Task description
Each line in these records that contains "Rdiv" counts once. Give the number only.

Data for this exercise

Lemma abs_ln_pow_div_antitone (q : nat) (u x : R) : 0 < u <= x -> x < 1 ->
  0 <= Rabs (ln x) ^ q / (INR (fact q) * x) <= Rabs (ln u) ^ q / (INR (fact q) * u).
Proof.
  intros Hux Hx. assert (Hf := INR_fact_lt_0 q).
  assert (Hln : ln x < 0) by (rewrite <- ln_1; apply ln_increasing; lra).
  assert (Hlnu : ln u <= ln x) by (apply ln_le; lra).
  split.
  - apply Rmult_le_pos; [apply pow_le, Rabs_pos |].
    left; apply Rinv_0_lt_compat, Rmult_lt_0_compat; lra.
  - unfold Rdiv. apply Rmult_le_compat.
    + apply pow_le, Rabs_pos.
    + left; apply Rinv_0_lt_compat, Rmult_lt_0_compat; lra.
    + apply pow_incr. split; [apply Rabs_pos |]. rewrite !Rabs_left by lra. lra.
    + apply Rinv_le_contravar; [apply Rmult_lt_0_compat; lra | apply Rmult_le_compat_l; lra].
Qed.

(* [Lpart] and [Fpart] are within [O(W - moment_sum)] of their limits, uniformly in [x <= v]. *)
Lemma log_pullback_EU_sub_I_integrand (a : nat -> nat) (j N : nat) (u v W x : R) :
  (forall k, (0 < a k)%nat) -> (1 <= j)%nat -> 0 < u -> u <= x <= v -> v < 1 ->
  Un_cv (moment_sum a j v) W ->
  Rabs (log_pullback (EU_integrand a j N) x - I_integrand a j x) <=
  Rabs (ln u) ^ (j - 1) / (INR (fact (j - 1)) * u) *
  ((W - moment_sum a j v (N - 1)) * (1 + W) / (1 - v)).
Proof.
  intros Ha Hj Hu Hx Hv HW.
  rewrite log_pullback_EU_integrand by (auto; lra).
  destruct (Lfun_tail_bound a j x v W Ha ltac:(lra) Hv HW) as [HL HLb].
  destruct (Ffun_tail_bound a j x v W Ha ltac:(lra) Hv HW) as [HF HFb].
  specialize (HL (N - 1)%nat). specialize (HF (N - 1)%nat).
  set (L := Lfun a j x) in *. set (F := Ffun a x) in *.
  set (l := Lpart a j (N - 1) x) in *. set (q := Fpart a (N - 1) x) in *.
  set (e := W - moment_sum a j v (N - 1)) in *.
  assert (Hq : 0 <= q <= 1).
  { apply prod_f_R0_unit_interval. intros i.
    destruct (pow_a_bounds a x v Ha ltac:(lra) Hv i) as [[H1 H2] H3]. lra. }
  assert (He : 0 <= e) by (eapply Rle_trans; [apply Rabs_pos | exact HF]).
  assert (HW0 : 0 <= W).
  { apply Rmult_le_reg_r with (/ (1 - v)); [apply Rinv_0_lt_compat; lra |]. lra. }
  assert (Hf := INR_fact_lt_0 (j - 1)).
  set (c := Rabs (ln x) ^ (j - 1) / (INR (fact (j - 1)) * x)).
  set (c0 := Rabs (ln u) ^ (j - 1) / (INR (fact (j - 1)) * u)).
  assert (Hc : 0 <= c <= c0) by (apply abs_ln_pow_div_antitone; lra).
  replace (/ INR (fact (j - 1)) * l * q * Rabs (ln x) ^ (j - 1) / x - I_integrand a j x)
    with (c * ((l - L) * q + L * (q - F))) by (unfold I_integrand, c; fold L F; field; lra).
  rewrite Rabs_mult, (Rabs_right c) by lra.
  apply Rmult_le_compat; try lra; [apply Rabs_pos |].
  eapply Rle_trans; [apply Rabs_triang |]. rewrite !Rabs_mult, (Rabs_right q), (Rabs_right L) by lra.
  rewrite Rabs_minus_sym in HL, HF.
  assert (Rabs (l - L) * q <= e / (1 - v))
    by (rewrite <- (Rmult_1_r (e / (1 - v))); apply Rmult_le_compat; try lra; apply Rabs_pos).
  assert (L * Rabs (q - F) <= W / (1 - v) * e) by (apply Rmult_le_compat; try lra; apply Rabs_pos).
  replace (e * (1 + W) / (1 - v)) with (e / (1 - v) + W / (1 - v) * e) by (field; lra).
  lra.
Qed.

Lemma continuous_sum_f_R0 (F : nat -> R -> R) (n : nat) (t : R) :
  (forall k, continuous (F k) t) -> continuous (fun t => sum_f_R0 (fun k => F k t) n) t.
Proof.
  intros HF. induction n as [| n IH]; [apply HF |].
  apply (continuous_plus (fun t => sum_f_R0 (fun k => F k t) n) (F (S n))); [exact IH | apply HF].
Qed.

Lemma continuous_prod_f_R0 (F : nat -> R -> R) (n : nat) (t : R) :
  (forall k, continuous (F k) t) -> continuous (fun t => prod_f_R0 (fun k => F k t) n) t.
Proof.
  intros HF. induction n as [| n IH]; [apply HF |].
  apply (continuous_mult (fun t => prod_f_R0 (fun k => F k t) n) (F (S n))); [exact IH | apply HF].
Qed.

Lemma EU_integrand_continuous (a : nat -> nat) (j N : nat) (t : R) : continuous (EU_integrand a j N) t.
Proof.
  apply (continuous_sum_f_R0 (fun k t => INR (a k) * exp (- INR (a k) * t) * (INR (a k) * t) ^ (j - 1) /
    INR (fact (j - 1)) * prod_f_R0 (skip_factor a k t) (N - 1))).
  intros k. apply (continuous_mult
    (fun t => INR (a k) * exp (- INR (a k) * t) * (INR (a k) * t) ^ (j - 1) / INR (fact (j - 1)))
    (fun t => prod_f_R0 (skip_factor a k t) (N - 1))).
  - apply (@ex_derive_continuous R_AbsRing R_NormedModule). auto_derive. auto.
  - apply (continuous_prod_f_R0 (fun i t => skip_factor a k t i)). intros i. unfold skip_factor.
    destruct (Nat.eq_dec i k); [apply continuous_const |].
    apply (@ex_derive_continuous R_AbsRing R_NormedModule). auto_derive. auto.
Qed.

Section LogPullback.

Variable g : R -> R.
Hypothesis g_continuous : forall t, continuous g t.

Lemma log_pullback_continuous (x : R) : 0 < x -> continuous (log_pullback g) x.
Proof.
  intros Hx. unfold log_pullback.
  apply (continuous_mult (fun x => g (- ln x)) (fun x => / x)).
  - apply (continuous_comp (fun x => - ln x) g); [| apply g_continuous].
    apply (@ex_derive_continuous R_AbsRing R_NormedModule). auto_derive. lra.
  - apply (@ex_derive_continuous R_AbsRing R_NormedModule). auto_derive. lra.
Qed.

Lemma ex_RInt_log_pullback (u v : R) : 0 < u -> u <= v -> ex_RInt (log_pullback g) u v.
Proof.
  intros Hu Huv. apply (@ex_RInt_continuous R_CompleteNormedModule). intros z Hz.
  apply log_pullback_continuous. rewrite Rmin_left in Hz by lra. lra.
Qed.

Lemma RInt_log_pullback (u : R) : 0 < u <= 1 -> RInt (log_pullback g) u 1 = RInt g 0 (- ln u).
Proof.
  intros Hu.
  assert (Hsubst : is_RInt (fun y => scal (- / y) (g (- ln y))) u 1 (RInt g (- ln u) (- ln 1))).
  { apply (@is_RInt_comp R_CompleteNormedModule g (fun y => - ln y) (fun y => - / y) u 1).
    - intros x _. apply g_continuous.
    - intros x Hx. rewrite Rmin_left in Hx by lra. split.
      + auto_derive; [lra | field; lra].
      + apply (@ex_derive_continuous R_AbsRing R_NormedModule). auto_derive. lra. }
  apply is_RInt_opp in Hsubst. rewrite ln_1, Ropp_0 in Hsubst.
  apply (@is_RInt_unique R_CompleteNormedModule) in Hsubst.
  assert (Hg : ex_RInt g (- ln u) 0)
    by (apply (@ex_RInt_continuous R_CompleteNormedModule); intros; apply g_continuous).
  rewrite <- (@opp_RInt_swap R_CompleteNormedModule g (- ln u) 0 Hg).
  etransitivity; [| exact Hsubst]. apply RInt_ext. intros x Hx. rewrite Rmin_left in Hx by lra.
  unfold log_pullback. change (g (- ln x) / x = - (- / x * g (- ln x))). field. lra.
Qed.

Lemma log_pullback_le_inv_sqrt (K : R) :
  (forall t, 0 <= t -> 0 <= g t <= K * exp (- t / 2)) ->
  forall x, 0 < x <= 1 -> 0 <= log_pullback g x <= K / sqrt x.
Proof.
  intros HK x Hx.
  assert (Hln : ln x <= 0) by (rewrite <- ln_1; apply ln_le; lra).
  destruct (HK (- ln x) ltac:(lra)) as [Hg0 Hg].
  unfold log_pullback. split; [apply Rmult_le_pos; [lra | left; apply Rinv_0_lt_compat; lra] |].
  replace (exp (- - ln x / 2)) with (sqrt x) in Hg
    by (rewrite <- Rpower_sqrt by lra; unfold Rpower; f_equal; field).
  assert (Hs : 0 < sqrt x) by (apply sqrt_lt_R0; lra).
  assert (Hss : sqrt x * sqrt x = x) by (apply sqrt_sqrt; lra).
  replace (K / sqrt x) with (K * sqrt x / x) by (rewrite <- Hss at 2; field; lra).
  unfold Rdiv. apply Rmult_le_compat_r; [left; apply Rinv_0_lt_compat; lra | exact Hg].
Qed.

End LogPullback.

Exercise result
2